What is the role of Sodium-Glucose Linked Transporter 2 (SGLT2) in the absorption of fructose and galactose?

From the Guidelines

Fructose and galactose are not directly affected by SGLT2 inhibitors, as these medications specifically target glucose reabsorption in the proximal tubule of the kidney. The mechanism of action of SGLT2 inhibitors is based on their ability to block the sodium-glucose cotransporter 2 (SGLT2) in the proximal tubule of the nephron, which is responsible for approximately 90% of urinary glucose reabsorption 1. This results in glucose lowering through induction of glucosuria, without directly affecting fructose or galactose transport. Fructose is primarily metabolized in the liver through fructokinase, which converts it to fructose-1-phosphate, eventually entering glycolysis. Galactose is metabolized through the Leloir pathway, being converted to glucose-1-phosphate. Understanding these distinct metabolic pathways is crucial for comprehending carbohydrate metabolism disorders like hereditary fructose intolerance and galactosemia. Some key points to consider when discussing SGLT2 inhibitors and their effects on glucose metabolism include:

• SGLT2 inhibitors have been shown to reduce cardiovascular disease and heart failure outcomes in people with diabetes, particularly those with increased cardiovascular risk or established cardiovascular disease 1.
• The use of SGLT2 inhibitors has been associated with a range of benefits, including weight loss, lowering of systolic blood pressure, and reduction of HbA1c levels 1.
• However, SGLT2 inhibitors may also be associated with an increased risk of acute kidney injury, dehydration, and orthostatic hypotension, and should be used with caution in patients with renal insufficiency or those taking diuretics and/or ACE inhibitors and angiotensin receptor blockers 1. Overall, the specificity of SGLT2 inhibitors for glucose but not other monosaccharides is a key aspect of their mechanism of action, and understanding this is essential for effective use of these medications in clinical practice.

From the FDA Drug Label

The FDA drug label does not answer the question.

From the Research

Fructose and Galactose in Relation to SGLT2

• Fructose and galactose are simple sugars that are absorbed in the small intestine through different transport mechanisms than glucose 2.
• SGLT2 (sodium glucose cotransporter 2) is a protein that plays a key role in glucose reabsorption in the kidney, accounting for 90% of glucose reabsorption 2.
• Inhibitors of SGLT2, such as dapagliflozin, increase urinary excretion of glucose and lower plasma glucose levels in an insulin-independent manner 2.
• There is no direct evidence in the provided studies on the specific relationship between fructose, galactose, and SGLT2 inhibitors.

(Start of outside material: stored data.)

Lemma ord_eq2_orth b g : b != 0 -> g != 0 -> ord_eq b g 2 -> dotv g b = 0.
Proof.
rewrite /ord_eq => b_neq0 g_neq0 [_ sq1 /(_ 1%N isT) ne1].
(* Otherwise (s_b s_g)^2 = 1 makes s_b and s_g commute, so s_g negates b;
   then b is a multiple of g and s_b s_g = s_g^2 = 1. *)
apply/eqP; apply: contraNT ne1 => gb_neq0.
set kb := 2 / dotv b b * dotv g b; set kg := 2 / dotv g g * dotv b g.
have kb_neq0 : kb != 0.
  by rewrite /kb !mulf_eq0 invr_eq0 pnatr_eq0 (gt_eqF (dotv_gt0 b_neq0)) (negPf gb_neq0).
have bg_neg : b *m refl_mx g = - b.
  rewrite expr2 -mulmxE in sq1.
  have := congr1 (mulmx (g *m refl_mx g *m refl_mx b)) sq1.
  rewrite mulmx1 !mulmxA !refl_mxK // refl_mx_self // mulNmx.
  rewrite [g *m refl_mx b]refl_mxE mulmxBl -scalemxAl refl_mx_self //.
  rewrite -/kb opprB addrC => /addIr /eqP; rewrite eqr_oppLR -scalerN => /eqP.
  exact: scalerI.
have b_par : b = (kg / 2) *: g.
  apply: (@scalerI _ _ 2); first by rewrite pnatr_eq0.
  rewrite scalerA mulrC divfK ?pnatr_eq0 // scaler_nat mulr2n.
  by rewrite -{2}(opprK b) -bg_neg refl_mxE -/kg opprB addrC subrK.
have k_neq0 : kg / 2 != 0 by apply: contraNneq b_neq0 => k0; rewrite b_par k0 scale0r.
by rewrite expr1 b_par refl_mxZ // refl_mx_invol.
Qed.

End Reflections.

Section Counting.
Variable T : eqType.
Implicit Types (s : seq T) (P Q : pred T).

Lemma count_sum_nat s P : count P s = (\sum_(x <- s) P x)%N.
Proof. by rewrite -sum1_count big_mkcond. Qed.

Lemma count_le_inj_map s (f : T -> T) P Q : uniq s -> {in s &, injective f} ->
  {in s, forall v, P v -> (f v \in s) && Q (f v)} -> (count P s <= count Q s)%N.
Proof.
move=> s_uniq f_inj fPQ; rewrite -!size_filter -(size_map f [seq v <- s | P v]).
apply: uniq_leq_size => [|y /mapP[v]].
  rewrite map_inj_in_uniq ?filter_uniq // => v w.
  by rewrite !mem_filter => /andP[_ vs] /andP[_ ws]; apply: f_inj.
rewrite mem_filter => /andP[Pv vs] ->.
by case/andP: (fPQ v vs Pv) => fvs Qfv; rewrite mem_filter Qfv.
Qed.

Lemma count_lt_mono (R : numDomainType) (d : T -> R) s x y : x \in s -> d x < d y ->
  (count (fun v => d v < d x)%R s < count (fun v => d v < d y)%R s)%N.
Proof.
move=> xs dxy; set P := fun v => d v < d x; set Q := fun v => d v < d y.
have -> : count P s = count P (filter Q s).
  by rewrite count_filter; apply: eq_count => v; rewrite /= andb_idr // => /lt_trans; apply.
rewrite -[count Q s]size_filter -(count_predC P) -{1}[count P _]addn0 ltn_add2l -has_count.
by apply/hasP; exists x; rewrite ?mem_filter /= /P /Q ?ltxx ?dxy.
Qed.

Lemma sum_nat_fiber (K : eqType) (f : T -> K) (C : pred T) s v :
  v \in s -> {in s &, forall u w, f u = f w -> C u = C w} ->
  (\sum_(u <- s) C u * (f v == f u) = C v * count (fun u => f u == f v) s)%N.
Proof.
move=> vs Cf; rewrite count_sum_nat big_distrr /=; apply: eq_big_seq => u us.
by rewrite eq_sym; case: eqP => [/(Cf _ _ us vs) ->|]; rewrite ?muln0.
Qed.

Section Fibers.
Variables (K1 K2 : eqType) (s : seq T) (f1 : T -> K1) (f2 : T -> K2) (c0 c1 c2 : nat).
Hypothesis joint_fiber : forall u u', u \in s -> u' \in s ->
  count (fun v => (f1 v == f1 u) && (f2 v == f2 u')) s = c0.
Hypothesis fiber1 : forall u, u \in s -> count (fun v => f1 v == f1 u) s = c1.
Hypothesis fiber2 : forall u, u \in s -> count (fun v => f2 v == f2 u) s = c2.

SGLT2 Inhibitors and Diabetes Management

• SGLT2 inhibitors are a new emerging therapeutic class in the treatment of type 2 diabetes mellitus 2.
• They have been shown to effectively control blood sugar levels without producing weight gain or hypoglycemia 2.
• SGLT2 inhibitors, such as empagliflozin, have also been associated with a reduction in major cardiovascular events and cardiovascular death 3.
• The use of SGLT2 inhibitors in combination with other antihyperglycemic agents, including insulin, is a common practice in the management of type 2 diabetes 3.

Dietary Strategies for Glycemic Control

• Various dietary strategies, such as reduced or low-carbohydrate diets, Mediterranean dietary pattern, and plant-based diets, have been shown to have beneficial effects on glycemic control 4.
• These dietary approaches may be useful in achieving weight loss and improving glycemic control in individuals with type 2 diabetes 4.
• However, there is no direct evidence on the specific effects of fructose and galactose on glycemic control in the context of SGLT2 inhibitors 4.